According to History.com, the project’s urban research centers at the Chicago Metallurgical Laboratory and Columbia University in New York had Black scientists who helped develop the two atomic bombs that were dropped on Hiroshima and Nagasaki in August 1945, effectively ending the war.

William Knox was one of approximately 12 Black scientists who worked as researchers on the team that developed the technology for the atomic bomb. He was the Manhattan Project’s only Black supervisor.

He is remembered today not only for his role in the development of the atomic bomb, but also for being one of a few Black scientists who transferred their wartime experience into private industry, as reported by BlackPast. Following his Manhattan project work, Knox worked as a research scientist for Eastman Kodak in Rochester, New York.

Coming from a low-income family, he was taught the value of education early in life. Knox was the eldest of five children born in 1904 in Massachusetts, United States. In North Carolina, his grandfather was a slave. His father, William Knox Sr., worked as a clerk for the United States Postal Service in New Bedford.

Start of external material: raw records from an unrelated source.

(* Let $k$ be a field, $Q,q\in k^\times$, $d\ge1$. If $m,n\geq 2d$ are odd, then the algebras $S^B_{Q,q}(m;d)=\mathrm{End}_{\mathcal H^B_{Q,q}(d)}(V_m^{\otimes d})$ and $S^B_{Q,q}(n;d)=\mathrm{End}_{\mathcal H^B_{Q,q}(d)}(V_n^{\otimes d})$ are Morita equivalent.
   Context: $\mathcal H^B_{Q,q}(d)$ is the algebra generated by $T_0,\dots,T_{d-1}$ with relations $(T_0+Q)(T_0-Q^{-1})=0$; $(T_i+q)(T_i-q^{-1})=0$ ($i>0$); $T_iT_{i+1}T_i=T_{i+1}T_iT_{i+1}$ ($i>0$); $T_0T_1T_0T_1=T_1T_0T_1T_0$; $T_iT_j=T_jT_i$ ($|i-j|>1$). For $N=2s$ let $\mathbb I_N=\{-\tfrac{2s-1}{2},\dots,-\tfrac12,\tfrac12,\dots,\tfrac{2s-1}{2}\}$ and for $N=2s+1$ let $\mathbb I_N=\{-s,\dots,s\}$; $V_N$ has basis $\{v_i:i\in\mathbb I_N\}$. $R_q(v_i\otimes v_j)=q^{-1}v_i\otimes v_j$ if $i=j$, $v_j\otimes v_i$ if $i<j$, $v_j\otimes v_i+(q^{-1}-q)v_i\otimes v_j$ if $i>j$; $K_Q(v_i)=Q^{-1}v_i$ if $i=0$, $v_{-i}$ if $i>0$, $v_{-i}+(Q^{-1}-Q)v_i$ if $i<0$. The algebra acts on $V_N^{\otimes d}$ from the right: $T_i$ ($i>0$) by $R_q$ on factors $i,i+1$, $T_0$ by $K_Q$ on the first factor. *)

From mathcomp Require Import all_boot all_order all_algebra.
Set Implicit Arguments.
Unset Strict Implicit.
Unset Printing Implicit Defensive.
Import Order.TTheory GRing.Theory Num.Theory.
Local Open Scope ring_scope.

Section SchurB.
Variable k : fieldType.

(* Basis of V_N^{(x) d}: d-tuples of indices.  The index set I_N is encoded
   by 'I_N via a |-> (2a - (N-1))/2, an order-preserving bijection; the
   index -a corresponds to N-1-a and the index 0 (N odd) to 2a = N-1. *)
Definition tens (N d : nat) := {ffun 'I_d -> 'I_N}.
Definition tdim (N d : nat) := #|{ffun 'I_d -> 'I_N}|.

(* coefficient of v_b in K_Q(v_a) *)
Definition coefK (Q : k) (N : nat) (a b : 'I_N) : k :=
  if (2 * a == N.-1)%N then (b == a)%:R * Q^-1
  else if (N.-1 < 2 * a)%N then (val b == N.-1 - a)%N%:R
  else (val b == N.-1 - a)%N%:R + (b == a)%:R * (Q^-1 - Q).

Definition prev_ord (d : nat) (i : 'I_d) : 'I_d :=
  Ordinal (leq_ltn_trans (leq_pred i) (ltn_ord i)).

(* coefficient of the basis tensor w' in (w . T_i)  (right action;
   i = 0: K_Q on the first factor; i > 0: R_q on factors i, i+1, 1-based) *)
Definition actT (Q q : k) (N d : nat) (i : 'I_d) (w w' : tens N d) : k :=
  if val i == 0%N then
    ([forall j, (j != i) ==> (w' j == w j)])%:R * coefK Q (w i) (w' i)
  else
    let p := prev_ord i in
    let sw : tens N d := [ffun j => if j == p then w i
                                   else if j == i then w p else w j] in
    let a := w p in let b := w i in
    if a == b then (w' == w)%:R * q^-1
    else if (val a < val b)%N then (w' == sw)%:R
    else (w' == sw)%:R + (w' == w)%:R * (q^-1 - q).

(* matrix of the linear map v |-> v . T_i on column vectors *)
Definition Tmx (Q q : k) (N d : nat) (i : 'I_d) : 'M[k]_(tdim N d) :=
  \matrix_(r, c) actT Q q i (enum_val c) (enum_val r).

(* S^B_{Q,q}(N;d) = End_{H^B_{Q,q}(d)}(V_N^{(x) d}): matrices commuting with
   the action of all generators T_0, ..., T_{d-1}; the algebra structure is
   composition = matrix product. *)
Definition schurB (Q q : k) (N d : nat) : pred 'M[k]_(tdim N d) :=
  fun A => [forall i : 'I_d, A *m Tmx Q q N i == Tmx Q q N i *m A].

Section Modules.
Variables (n : nat) (A : pred 'M[k]_n).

He and his brothers were academic standouts, with all four attending Harvard University. Knox graduated from Harvard in 1925 as one of only six Black students in his graduating class. He was instrumental in putting an end to discrimination on the basis of race or religion at Harvard. Knox left Harvard to become a teacher. In 1928, he received a master’s degree in chemical engineering from MIT and briefly attended Howard University before returning to MIT to complete a Ph.D. with a focus on the absorption of light by nitrogen tetroxide.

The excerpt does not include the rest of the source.